Carlos Sanches is a familiar face at tournaments around the world. The ATP Supervisor keeps things running behind the scenes while the on-court action headlines the show.
In January it was the turn of the Sanches’ hard work in the background to be recognised as he was named Tennis Personality of the Year at the Gala Do Desporto, considered the most prestigious sports awards in his homeland.
“Of course, I’m proud to get this award,” Sanches told ATPTour.com this week. “This is like a recognition of my career and [while] it was important to [me] personally, [it is] also important for officiating. It’s not about me, but the work.
“[It was a] special recognition to put my name on that award. Normally we [supervisors] don’t show up, we are behind the curtain, so it was something new.
“I had the support of the Portuguese Tennis Federation which was important, and it was thanks to them also because they knew my career and they wanted me to be selected for this award.”

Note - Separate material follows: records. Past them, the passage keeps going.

(* A vanishing level j < s - 1 forces chi_j(2) = -1, because
   2 + chi_j(2) + chi_j(3) = 0 with both values on the unit circle. *)
Lemma low_M_level j : j \in M_levels -> (j < s.-1)%N -> chi j 2%:R = -1.
Proof.
rewrite mem_filter mem_iota add0n => /andP[/eqP M0 js] jlow.
have unit y : `|chi j y| = 1.
  by apply: (norm_root_of_unity (card_pred_gt0 F)); rewrite -exprM mulnC exprM level_root_order ?expr1n.
move: M0; rewrite mults_chi_sum chi_neg1 // jlow addrA -[1 + 1]/(2%:R) addrA.
exact: unit_circle_two_add.
Qed.

Lemma top_M_level : s.-1 \in M_levels -> (2 ^ s %| dlog (- 3%:R / 2%:R))%N.
Proof.
rewrite mem_filter => /andP[/eqP M0 _].
have js : (s.-1 < s)%N by have := s_ge3; lia.
have top : level_root s.-1 = zeta.
  by rewrite /level_root prednK ?divnn ?expn_gt0 ?expr1 //; have := s_ge3; lia.
move: M0; rewrite mults_chi_sum chi_neg1 // ltnn addrA addNr add0r => /eqP.
rewrite addr_eq0 => /eqP chi3.
have inv2 : chi s.-1 2%:R^-1 * chi s.-1 2%:R = 1.
  by rewrite -chiM ?mulVf ?chi1 ?invr_eq0 ?two_neq0.
rewrite (prim_order_dvd prim_zeta) -top -/(chi s.-1 _) -mulN1r.
rewrite !chiM ?mulf_neq0 ?oppr_eq0 ?oner_eq0 ?invr_eq0 ?two_neq0 ?three_neq0 //.
by rewrite chi_neg1 // ltnn mulN1r -chi3 mulrC inv2.
Qed.

Lemma perfect_necessary :
  (2 ^ s %| dlog (- 3%:R / 2%:R))%N /\ ~~ (2 ^ s.-1 %| dlog 2%:R)%N.
Proof.
have inS j : j \in M_levels -> (j < s)%N by rewrite mem_filter mem_iota add0n => /andP[].
have [/hasP[j jM jlow] /hasP[k kM ktop]] : has (fun j => j < s.-1)%N M_levels /\
    has (predC (fun j => j < s.-1)%N) M_levels.
  apply: (uniq_two_classes _ many_M_levels).
  - by rewrite filter_uniq // iota_uniq.
  - move=> j k jM kM jl kl.
    have /andP[dj nj] := chi_neg1_valuation (inS j jM) (low_M_level jM jl).
    have /andP[dk nk] := chi_neg1_valuation (inS k kM) (low_M_level kM kl).
    case: (ltngtP j k) => // [jk | kj].
      by case/negP: nj; apply: dvdn_trans dk; rewrite dvdn_exp2l.
    by case/negP: nk; apply: dvdn_trans dj; rewrite dvdn_exp2l.
  - by move=> j k jM kM /= jt kt; have := inS j jM; have := inS k kM; lia.
have ks : k = s.-1 by move: ktop (inS k kM) => /=; lia.
split; first by apply: top_M_level; rewrite -ks.
have /andP[_ nj] := chi_neg1_valuation (inS j jM) (low_M_level jM jlow).
by apply: contra nj; apply: dvdn_trans; rewrite dvdn_exp2l.
Qed.
End Necessity.

Section Sufficiency.
Hypothesis top_cond : (2 ^ s %| dlog (- 3%:R / 2%:R))%N.
Hypothesis low_cond : ~~ (2 ^ s.-1 %| dlog 2%:R)%N.

Local Notation v := (logn 2 (dlog 2%:R)).

Definition inB k := ~~ bit v k && ~~ bit s.-1 k.
Definition Bset : {set F} := [set x | (x != 0) && inB (dlog x)].

Lemma dlog2_gt0 : (0 < dlog 2%:R)%N.
Proof.
rewrite lt0n; apply: contraNneq low_cond => ->; exact: dvdn0.
Qed.

Lemma v_lt : (v < s.-1)%N.
Proof.
rewrite ltnNge; apply: contra low_cond => le_sv.
by apply: dvdn_trans (pfactor_dvdnn 2 _); rewrite dvdn_exp2l.
Qed.

Lemma n_odd_part : exists2 m, odd m & n = (m * 2 ^ s)%N.
Proof.
have [m] := pfactor_coprime (isT : prime 2) (card_pred_gt0 F).
by rewrite coprime2n; exists m.
Qed.

Lemma inB_add_pow2s k d : (2 ^ s %| d)%N -> inB (k + d) = inB k.
Proof.
have [s1 vs] : (s.-1 <= s)%N /\ (v <= s)%N by have := v_lt; lia.
case/dvdnP => c ->; rewrite /inB !bit_add_mul_pow2 //.
have [-> ->] : (s.-1 == s) = false /\ (v == s) = false by have := v_lt; have := s_ge3; lia.
by rewrite !andbF !addbF.
Qed.

Lemma inB_dlog_mul x k : x != 0 -> inB (dlog (x * g ^+ k)) = inB (dlog x + k).
Proof.
move=> x0; rewrite (dlog_mul gen_g) ?(expg_neq0 gen_g) // (dlog_exp gen_g) modnDmr.
rewrite [in RHS](divn_eq (dlog x + k) n) [in RHS]addnC inB_add_pow2s //.
by apply: dvdn_mull; exact: pfactor_dvdnn.
Qed.

(* Adding n/2 = m * 2^(s-1) flips bit s - 1 and no lower bit. *)
Lemma bit_add_half i k : (i <= s.-1)%N -> bit i (k + n %/ 2) = bit i k (+) (i == s.-1).
Proof.
have [m om En] := n_odd_part.
have halve t : (0 < t)%N -> (m * 2 ^ t %/ 2 = m * 2 ^ t.-1)%N.
  by case: t => // t _; rewrite expnS mulnCA mulKn.
have -> : (n %/ 2 = m * 2 ^ s.-1)%N by rewrite {1}En halve // (leq_trans _ s_ge3).
by move=> i_le; rewrite bit_add_mul_pow2 // om.
Qed.

(* n - dlog 2 = w * 2^v with w odd, so adding it flips bit v. *)
Lemma bit_add_inv2 k : bit v (k + (n - dlog 2%:R)) = ~~ bit v k.
Proof.
have [m om En] := n_odd_part.
have [w ow Ew] := pfactor_coprime (isT : prime 2) dlog2_gt0; rewrite coprime2n in ow.
have lt2 := (dlog_spec gen_g two_neq0).1.
have vs : (v <= s)%N by have := v_lt; lia.
have -> : (n - dlog 2%:R = (m * 2 ^ (s - v) - w) * 2 ^ v)%N.
  by rewrite mulnBl -mulnA -expnD subnK // -En -Ew.
rewrite bit_add_mul_pow2 // eqxx andbT oddB ?oddM ?oddX ?ow.
  have -> : (s - v == 0)%N = false by have := v_lt; lia.
  by case: (bit v k); case: (odd m).
rewrite -(leq_pmul2r (expn_gt0 2 v)) -mulnA -expnD subnK // -En -Ew.
exact: ltnW lt2.
Qed.

(* The four quotients x / a, a in {-1,1,2,3}: relative to z = dlog x they shift
   bit (s-1) (a = -1), bit v (a = 2), or both (a = 3, using 2^s | dlog(-3/2)). *)
Lemma quotient_patterns x : x != 0 ->
  let z := dlog x in let z' := (z + (n - dlog 2%:R))%N in
  [/\ inB (dlog (x / 1)) = ~~ bit v z && ~~ bit s.-1 z,
      inB (dlog (x / -1)) = ~~ bit v z && bit s.-1 z,
      inB (dlog (x / 2%:R)) = bit v z && ~~ bit s.-1 z' &
      inB (dlog (x / 3%:R)) = bit v z && bit s.-1 z'].
Proof.
move=> x0 z z'.
have [vs1 vs1'] : (v <= s.-1)%N /\ (v == s.-1) = false by have := v_lt; lia.
have half_v k : bit v (k + n %/ 2) = bit v k by rewrite bit_add_half // vs1' addbF.
have half_top k : bit s.-1 (k + n %/ 2) = ~~ bit s.-1 k by rewrite bit_add_half // eqxx addbT.
have gneg1 : g ^+ (n %/ 2) = -1 by rewrite -dlog_neg1 (dlogK gen_g) ?oppr_eq0 ?oner_eq0.
have ginv2 := expg_dlog_inv gen_g two_neq0.
have x3 : x / 3%:R != 0 by rewrite mulf_neq0 ?invr_eq0 ?three_neq0.
have div3 : x / 3%:R * g ^+ dlog (- 3%:R / 2%:R) = x * g ^+ (n %/ 2 + (n - dlog 2%:R)).
  rewrite (dlogK gen_g neg_three_halves_neq0) exprD gneg1 ginv2.
  by field; rewrite three_neq0 two_neq0.
split.
- by rewrite divr1.
- by rewrite invrN1 -gneg1 inB_dlog_mul // /inB half_v half_top negbK.
- by rewrite -ginv2 inB_dlog_mul // /inB bit_add_inv2 negbK.
rewrite -(inB_add_pow2s _ top_cond) -inB_dlog_mul // div3 inB_dlog_mul //.
by rewrite [(n %/ 2 + _)%N]addnC addnA /inB half_v half_top bit_add_inv2 !negbK.
Qed.

(* Sufficiency: Bset is a perfect B[-1,3] set; the multiplier a0 is read off
   from bit v of dlog x and bit s - 1 of dlog x or of dlog (x / 2). *)
Lemma Bset_perfect : perfect_B13 Bset.
Proof.
apply: perfect_B13_by_quotients => [||x x0]; first exact: mults_Fp_neq0.
  by rewrite inE eqxx.
have memq a : a \in mults F -> (x / a \in Bset) = inB (dlog (x / a)).
  by move=> am; rewrite inE mulf_neq0 ?invr_eq0 //; exact: mults_Fp_neq0.
have [q1 qm q2 q3] := quotient_patterns x0.
rewrite -!memq ?mem_seq4 ?eqxx ?orbT // in q1 qm q2 q3.
pose a0 : F := if bit v (dlog x) then (if bit s.-1 (dlog x + (n - dlog 2%:R)) then 3%:R else 2%:R)
           else if bit s.-1 (dlog x) then -1 else 1.
exists a0; first by rewrite /a0 /mults; repeat case: ifP => _; rewrite !inE eqxx ?orbT.
move: q1 qm q2 q3; rewrite /a0; case: (bit v (dlog x)); case: (bit s.-1 (dlog x));
  case: (bit s.-1 (dlog x + (n - dlog 2%:R))) => /= q1 qm q2 q3.
all: split; first by rewrite ?q1 ?qm ?q2 ?q3.
all: by move=> a; rewrite /mults mem_seq4 => /or4P[] /eqP ->; rewrite ?q1 ?qm ?q2 ?q3.
Qed.
End Sufficiency.
End PrimeField.

Theorem theorem4p7 (p : nat) (hp : prime p) (hp8 : p %% 8 = 1) :
  (exists B : {set 'F_p}, perfect_B13 B) <->
  (odd (mult_order ((- 3%:R / 2%:R)%R : 'F_p)) /\ (4 %| mult_order ((2%:R)%R : 'F_p))%N).
Proof.
have [g gen_g] := exists_generator ('F_p : finFieldType).
rewrite (odd_order_dlog gen_g (neg_three_halves_neq0 hp hp8)).
rewrite (four_dvd_order_dlog gen_g (two_neq0 hp hp8)).
split=> [[B perfB] | [top_cond low_cond]].
  have [zeta prim_zeta] := C_prim_root_exists (expn_gt0 2 (logn 2 #|'F_p|.-1)).
  exact (perfect_necessary hp hp8 gen_g perfB prim_zeta).
by exists (Bset g); exact (Bset_perfect hp hp8 gen_g top_cond low_cond).
Qed.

Sanches enjoyed a brief change of scene at the glamourous ceremony, which is held annually and shown live on Portuguese television. “It was the first time I went to awards like this, and it was a nice experience seeing so many people,” he said. “It was packed, there were crowds, all important people around that were invited for different sports. It was a very good experience.”

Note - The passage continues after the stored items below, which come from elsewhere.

(* If the NNF DAG of $F$ (equivalently $\hat F(\mathbf{X},\neg\mathbf{X},\mathbf{Y})$) is in weak decomposable NNF (wDNNF), then $\delta_i=\Delta_i$ and $\gamma_i=\Gamma_i$ (as Boolean functions of $\mathbf{X}_{i+1}^n,\mathbf{Y}$) for every $i\in\{1,\ldots,n\}$.
   Context: $\mathbf{X}=(x_1,\ldots,x_n)$ are outputs and $\mathbf{Y}=(y_1,\ldots,y_m)$ inputs; $\mathbf{X}_i^j=(x_i,\ldots,x_j)$. $\Delta_i\equiv\neg\exists\mathbf{X}_1^{i-1}F(\mathbf{X}_1^{i-1},0,\mathbf{X}_{i+1}^n,\mathbf{Y})$ and $\Gamma_i\equiv\neg\exists\mathbf{X}_1^{i-1}F(\mathbf{X}_1^{i-1},1,\mathbf{X}_{i+1}^n,\mathbf{Y})$ (the constant occupies the position of $x_i$). An NNF formula uses only $\wedge,\vee$ and negations applied to variables, represented as a rooted DAG with $\wedge/\vee$ internal nodes and literal leaves. For an internal node representing subformula $\alpha$, $\mathrm{lits}(\alpha)$ is the set of literals labeling leaves having a path to that node. The NNF DAG is in wDNNF if for every $\wedge$-node representing $\alpha=\alpha_1\wedge\cdots\wedge\alpha_k$ there is no literal $l$ and distinct $p,q\in\{1,\ldots,k\}$ with $l\in\mathrm{lits}(\alpha_p)$ and $\neg l\in\mathrm{lits}(\alpha_q)$. $\hat F(\mathbf{X},\overline{\mathbf{X}},\mathbf{Y})$ is obtained from the NNF DAG of $F$ by replacing each leaf $\neg x_i$ ($x_i\in\mathbf{X}$) by a fresh variable $\overline{x_i}$. For length-$i$ bit-vectors $\mathbf{b},\mathbf{c}$, $\hat F(\mathbf{b},\mathbf{X}_{i+1}^n,\mathbf{c},\neg\mathbf{X}_{i+1}^n,\mathbf{Y})$ sets $(x_1,\ldots,x_i):=\mathbf{b}$, $(\overline{x_1},\ldots,\overline{x_i}):=\mathbf{c}$ and $\overline{x_k}:=\neg x_k$ for $k>i$. Define $\delta_i=\neg\hat F(\mathbf{1}^{i-1}0,\mathbf{X}_{i+1}^n,\mathbf{1}^i,\neg\mathbf{X}_{i+1}^n,\mathbf{Y})$ and $\gamma_i=\neg\hat F(\mathbf{1}^{i},\mathbf{X}_{i+1}^n,\mathbf{1}^{i-1}0,\neg\mathbf{X}_{i+1}^n,\mathbf{Y})$, where $\mathbf{1}^{i-1}0$ is $i-1$ ones followed by a $0$. *)

From mathcomp Require Import all_boot.
Set Implicit Arguments. Unset Strict Implicit. Unset Printing Implicit Defensive.

(* Variables of F: outputs X = x_0..x_{n-1} (inl) and inputs Y = y_0..y_{m-1} (inr).
   Indices are 0-based: paper's x_{i} is our x_{i-1}. *)
Definition var (n m : nat) := ('I_n + 'I_m)%type.

(* NNF formula: a literal leaf (b = true : positive literal v, b = false : ~ v),
   or a k-ary AND / OR node. A DAG is represented by its tree unfolding, which
   has the same semantics and the same lits(.) at every node. *)
Inductive nnf (V : Type) : Type :=
| Lit of bool & V
| And of seq (nnf V)
| Or of seq (nnf V).
Arguments And {V} _.
Arguments Or {V} _.

Fixpoint lits (V : Type) (f : nnf V) : seq (bool * V) :=
  match f with
  | Lit b v => [:: (b, v)]
  | And fs => flatten (map (@lits V) fs)
  | Or fs => flatten (map (@lits V) fs)
  end.

Definition negl (V : Type) (l : bool * V) : bool * V := (~~ l.1, l.2).

Fixpoint wDNNF (V : eqType) (f : nnf V) : bool :=
  match f with
  | Lit _ _ => true
  | Or fs => all (@wDNNF V) fs
  | And fs =>
      all (@wDNNF V) fs &&
      all (fun p => all (fun q =>
             (p != q) ==>
             all (fun l => negl l \notin lits (nth (And [::]) fs q))
                 (lits (nth (And [::]) fs p)))
           (iota 0 (size fs))) (iota 0 (size fs))
  end.

(* Evaluation of F-hat(X, Xbar, Y): positive leaf x_k reads ax k, the leaf ~x_k
   (replaced by fresh xbar_k) reads axb k; Y literals are evaluated normally. *)
Fixpoint eval_hat (n m : nat) (ax axb : 'I_n -> bool) (ay : 'I_m -> bool)
    (f : nnf (var n m)) : bool :=
  match f with
  | Lit b (inl k) => if b then ax k else axb k
  | Lit b (inr j) => if b then ay j else ~~ ay j
  | And fs => all (eval_hat ax axb ay) fs
  | Or fs => has (eval_hat ax axb ay) fs
  end.

Definition eval (n m : nat) (ax : 'I_n -> bool) (ay : 'I_m -> bool)
    (f : nnf (var n m)) : bool :=
  eval_hat ax (fun k => ~~ ax k) ay f.

(* As functions of the full assignment; they only depend on ax k for k > i. *)
Definition DeltaGamma (n m : nat) (f : nnf (var n m)) (c : bool) (i : 'I_n)
    (ax : 'I_n -> bool) (ay : 'I_m -> bool) : bool :=
  ~~ [exists b : {ffun 'I_n -> bool},
        eval (fun k => if (k < i)%N then b k else if k == i then c else ax k) ay f].

Definition Delta n m (f : nnf (var n m)) i ax ay := DeltaGamma f false i ax ay.
Definition Gamma n m (f : nnf (var n m)) i ax ay := DeltaGamma f true i ax ay.

Definition delta (n m : nat) (f : nnf (var n m)) (i : 'I_n)
    (ax : 'I_n -> bool) (ay : 'I_m -> bool) : bool :=
  ~~ eval_hat (fun k => if (k < i)%N then true else if k == i then false else ax k)
              (fun k => if (k <= i)%N then true else ~~ ax k) ay f.

Definition gamma (n m : nat) (f : nnf (var n m)) (i : 'I_n)
    (ax : 'I_n -> bool) (ay : 'I_m -> bool) : bool :=
  ~~ eval_hat (fun k => if (k <= i)%N then true else ax k)
              (fun k => if (k < i)%N then true else if k == i then false else ~~ ax k) ay f.

(* Setting [x_k = xbar_k = 1] for every [k < i] relaxes the existential
   quantifier over [X_1^(i-1)]: since [F-hat] is monotone, any honest witness
   makes the relaxed formula true, so [delta_i <= Delta_i]. Conversely, a model
   of [F-hat] in which each variable has [x_k] or [xbar_k] true can be refined
   into an honest model of [F] when [F] is in wDNNF: the children of an AND node
   share no complementary literal, so honest models of the children can be
   glued together variable by variable. *)

From mathcomp Require Import all_boot.
From Stdlib Require List.
Set Implicit Arguments. Unset Strict Implicit.

Section NNFInduction.
Variables (V : Type) (P : nnf V -> Prop).
Hypothesis PLit : forall b v, P (Lit b v).
Hypothesis PAnd : forall fs, (forall g, List.In g fs -> P g) -> P (And fs).
Hypothesis POr : forall fs, (forall g, List.In g fs -> P g) -> P (Or fs).

Fixpoint nnf_deep_ind (f : nnf V) : P f :=
  let fix children (fs : seq (nnf V)) : forall g, List.In g fs -> P g :=
    match fs with
    | [::] => fun g (in_nil : False) => match in_nil with end
    | h :: fs' => fun g in_hfs =>
        match in_hfs with
        | or_introl e => eq_ind h P (nnf_deep_ind h) g e
        | or_intror in_fs' => children fs' g in_fs'
        end
    end in
  match f with
  | Lit b v => PLit b v
  | And fs => PAnd (children fs)
  | Or fs => POr (children fs)
  end.
End NNFInduction.

Lemma allInP T (p : pred T) s : reflect (forall x, List.In x s -> p x) (all p s).
Proof.
elim: s => /= [|x s IH]; first by constructor.
case px: (p x) => /=; last by constructor => H; rewrite H in px; auto.
case: IH => H; constructor; first by move=> y [<-|]; auto.
by move=> H'; apply: H => y yin; apply: H'; auto.
Qed.

Lemma hasInP T (p : pred T) s : reflect (exists2 x, List.In x s & p x) (has p s).
Proof.
elim: s => /= [|x s IH]; first by constructor => [[]].
case px: (p x) => /=; first by constructor; exists x; auto.
case: IH => H; constructor; first by case: H => y ? ?; exists y; auto.
by case=> y [<-|yin] py; [rewrite py in px | apply: H; exists y].
Qed.

Lemma lits_child (V : eqType) (fs : seq (nnf V)) (g : nnf V) :
  List.In g fs -> {subset lits g <= flatten (map (@lits V) fs)}.
Proof.
elim: fs => //= h fs IH [-> l lin | gin l lin]; rewrite mem_cat ?lin //.
by rewrite IH ?orbT.
Qed.

Definition clash_free (V : eqType) (g h : nnf V) : bool :=
  all (fun l => negl l \notin lits h) (lits g).

Lemma wDNNF_And (V : eqType) (fs : seq (nnf V)) :
  wDNNF (And fs) -> (forall g, List.In g fs -> wDNNF g) /\ pairwise (@clash_free V) fs.
Proof.
move=> /= /andP[/allInP wfs clash]; split => //.
apply/(pairwiseP (And [::])) => p q; rewrite !inE => ltp ltq ltpq.
move: clash => /allP /(_ p); rewrite mem_iota add0n ltp => /(_ isT) /allP /(_ q).
by rewrite mem_iota add0n ltq (ltn_eqF ltpq) => /(_ isT).
Qed.

Section Refinement.
Variables (n m : nat) (ay : 'I_m -> bool).
Implicit Types (f g h : nnf (var n m)) (b ax axb : 'I_n -> bool) (i k : 'I_n).

Lemma eval_hat_mono f ax axb ax' axb' :
  (forall k, (true, inl k) \in lits f -> ax k -> ax' k) ->
  (forall k, (false, inl k) \in lits f -> axb k -> axb' k) ->
  eval_hat ax axb ay f -> eval_hat ax' axb' ay f.
Proof.
elim/nnf_deep_ind: f ax axb ax' axb' => [bl [k|j]|fs IH|fs IH] ax axb ax' axb' pos neg //=.
- by case: bl pos neg => pos neg; [apply: pos | apply: neg]; rewrite mem_seq1.
- move=> /allInP evfs; apply/allInP => g gin.
  by apply: (IH g gin ax axb) (evfs g gin) => k /(lits_child gin); [apply: pos | apply: neg].
- case/hasInP => g gin evg; apply/hasInP; exists g => //.
  by apply: (IH g gin ax axb) evg => k /(lits_child gin); [apply: pos | apply: neg].
Qed.

Lemma eq_eval_hat f ax axb ax' axb' :
  ax =1 ax' -> axb =1 axb' -> eval_hat ax axb ay f = eval_hat ax' axb' ay f.
Proof.
by move=> eqx eqxb; apply/idP/idP; apply: eval_hat_mono => k _; rewrite ?eqx ?eqxb.
Qed.

Definition refines b ax axb := forall k, if b k then ax k else axb k.

Definition covering ax axb := forall k, ax k || axb k.

Lemma covering_refines ax axb : covering ax axb -> refines ax ax axb.
Proof. by move=> cov k; have := cov k; case: (ax k). Qed.

Lemma eval_hat_refines f b ax axb :
  refines b ax axb -> eval b ay f -> eval_hat ax axb ay f.
Proof.
move=> ref; apply: eval_hat_mono => k _ bk; have := ref k.
  by rewrite bk.
by rewrite (negbTE bk).
Qed.

(* Copy [b0] on the variables whose [b0]-literal occurs in [g], and [b1]
   elsewhere: this keeps [g] true under [b0], and keeps true under [b1] every
   formula sharing no complementary literal with [g]. *)
Definition merge_on g b0 b1 k := if (b0 k, inl k) \in lits g then b0 k else b1 k.

Lemma merge_on_refines g b0 b1 ax axb :
  refines b0 ax axb -> refines b1 ax axb -> refines (merge_on g b0 b1) ax axb.
Proof. by move=> ref0 ref1 k; rewrite /merge_on; case: (_ \in _). Qed.

Lemma eval_merge_on_l g b0 b1 : eval b0 ay g -> eval (merge_on g b0 b1) ay g.
Proof.
move=> ev0; apply: eval_hat_mono ev0 => k lin b0k; rewrite /merge_on.
  by rewrite b0k lin.
by rewrite (negbTE b0k) lin.
Qed.

Lemma eval_merge_on_r g h b0 b1 :
  clash_free g h -> eval b1 ay h -> eval (merge_on g b0 b1) ay h.
Proof.
move=> /allP clash; apply: eval_hat_mono => k lin; rewrite /merge_on;
  case: ifP => // gk; case: (b0 k) gk => // gk; have := clash _ gk;
  by rewrite /negl /= lin.
Qed.

Lemma refine_all ax axb fs : covering ax axb -> pairwise (@clash_free _) fs ->
  (forall g, List.In g fs -> exists2 b, refines b ax axb & eval b ay g) ->
  exists2 b, refines b ax axb & all (eval b ay) fs.
Proof.
move=> cov; elim: fs => [|g fs IH] /=; first by exists ax; first exact: covering_refines.
case/andP=> /allInP clash_g clash_fs refs.
have [b0 ref0 ev0] := refs g (or_introl erefl).
have [b1 ref1 ev1] := IH clash_fs (fun h hin => refs h (or_intror hin)).
exists (merge_on g b0 b1); first exact: merge_on_refines.
rewrite eval_merge_on_l //=; apply/allInP => h hin.
by apply: eval_merge_on_r (clash_g h hin) _; move/allInP: ev1; apply.
Qed.

Lemma eval_hat_refine f ax axb : wDNNF f -> covering ax axb ->
  eval_hat ax axb ay f -> exists2 b, refines b ax axb & eval b ay f.
Proof.
elim/nnf_deep_ind: f ax axb => [bl [k|j]|fs IH|fs IH] ax axb wf cov /=.
- move=> evk {wf}; exists (fun k' => if k' == k then bl else ax k').
    by move=> k'; case: eqVneq => [-> | _]; [move: evk; case: bl | apply: covering_refines].
  by rewrite /eval /= eqxx; case: (bl).
- by exists ax; first exact: covering_refines.
- move/allInP=> evfs; have [wfs clash] := wDNNF_And wf.
  by apply: refine_all => // g gin; apply: IH (wfs g gin) cov (evfs g gin).
- case/hasInP=> g gin evg; move/allInP: wf => wfs.
  have [b ref evb] := IH g gin ax axb (wfs g gin) cov evg.
  by exists b => //; apply/hasInP; exists g.
Qed.

Definition pin_x (i : 'I_n) (c : bool) ax (k : 'I_n) :=
  if k < i then true else if k == i then c else ax k.

Definition pin_xbar (i : 'I_n) (c : bool) ax (k : 'I_n) :=
  if k < i then true else if k == i then ~~ c else ~~ ax k.

Lemma covering_pin i c ax : covering (pin_x i c ax) (pin_xbar i c ax).
Proof.
move=> k; rewrite /pin_x /pin_xbar; case: (k < i) => //.
by case: (k == i); [case: c | case: (ax k)].
Qed.

Lemma refines_pin i c ax b : refines b (pin_x i c ax) (pin_xbar i c ax) <->
  b =1 (fun k => if k < i then b k else if k == i then c else ax k).
Proof.
rewrite /refines /pin_x /pin_xbar; split=> [ref k | eqb k]; [have := ref k | rewrite eqb];
  by case: (k < i) => //=; case: (k == i); case: (b k); case: (c); case: (ax k).
Qed.

Lemma DeltaGamma_pinned f c i ax : wDNNF f ->
  DeltaGamma f c i ax ay = ~~ eval_hat (pin_x i c ax) (pin_xbar i c ax) ay f.
Proof.
move=> wf; congr negb; apply/existsP/idP.
- case=> bb evbb; apply: eval_hat_refines evbb; apply/refines_pin => k /=.
  by case: ifP.
- case/(eval_hat_refine wf (covering_pin i c ax)) => b /refines_pin eqb evb.
  exists (finfun b); rewrite /eval -(eq_eval_hat f (ax := b) (axb := fun k => ~~ b k)) //;
    by move=> k; rewrite ffunE -eqb.
Qed.

End Refinement.

Theorem theorem2 (n m : nat) (f : nnf (var n m)) :
  wDNNF f ->
  forall (i : 'I_n) (ax : 'I_n -> bool) (ay : 'I_m -> bool),
    delta f i ax ay = Delta f i ax ay /\ gamma f i ax ay = Gamma f i ax ay.
Proof.
move=> wf i ax ay; rewrite /Delta /Gamma !DeltaGamma_pinned //.
split; congr negb; apply: eq_eval_hat => k //; rewrite /pin_x /pin_xbar leq_eqVlt;
  by case: (k < i); rewrite ?orbT ?orbF //; case: (k == i).
Qed.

Sanches started his career as a chair umpire before he became a tournament supervisor for the ATP Challenger Tour in 2001. In 2006 he moved onto the ATP Tour, where he has worked ever since.
All this experience means Sanches is well-placed to identify some basic principles for good officiating. “Always be fair, make the right judgements at the right time,” he said. “Be calm, try to have good communication with players and with the tournaments. Those are the qualities I think an official needs to have.”
Like everyone else on tour, Sanches is used to life on the road. In 2022 he has already worked in Adelaide, Cordoba, Buenos Aires, and Rio de Janeiro, and he now looks forward to the European clay-court swing. The travel schedule can be tough, but he enjoys the variety the tour brings. “I think all [the places] have something special,” Sanches said, “And it’s [just] part of our job.”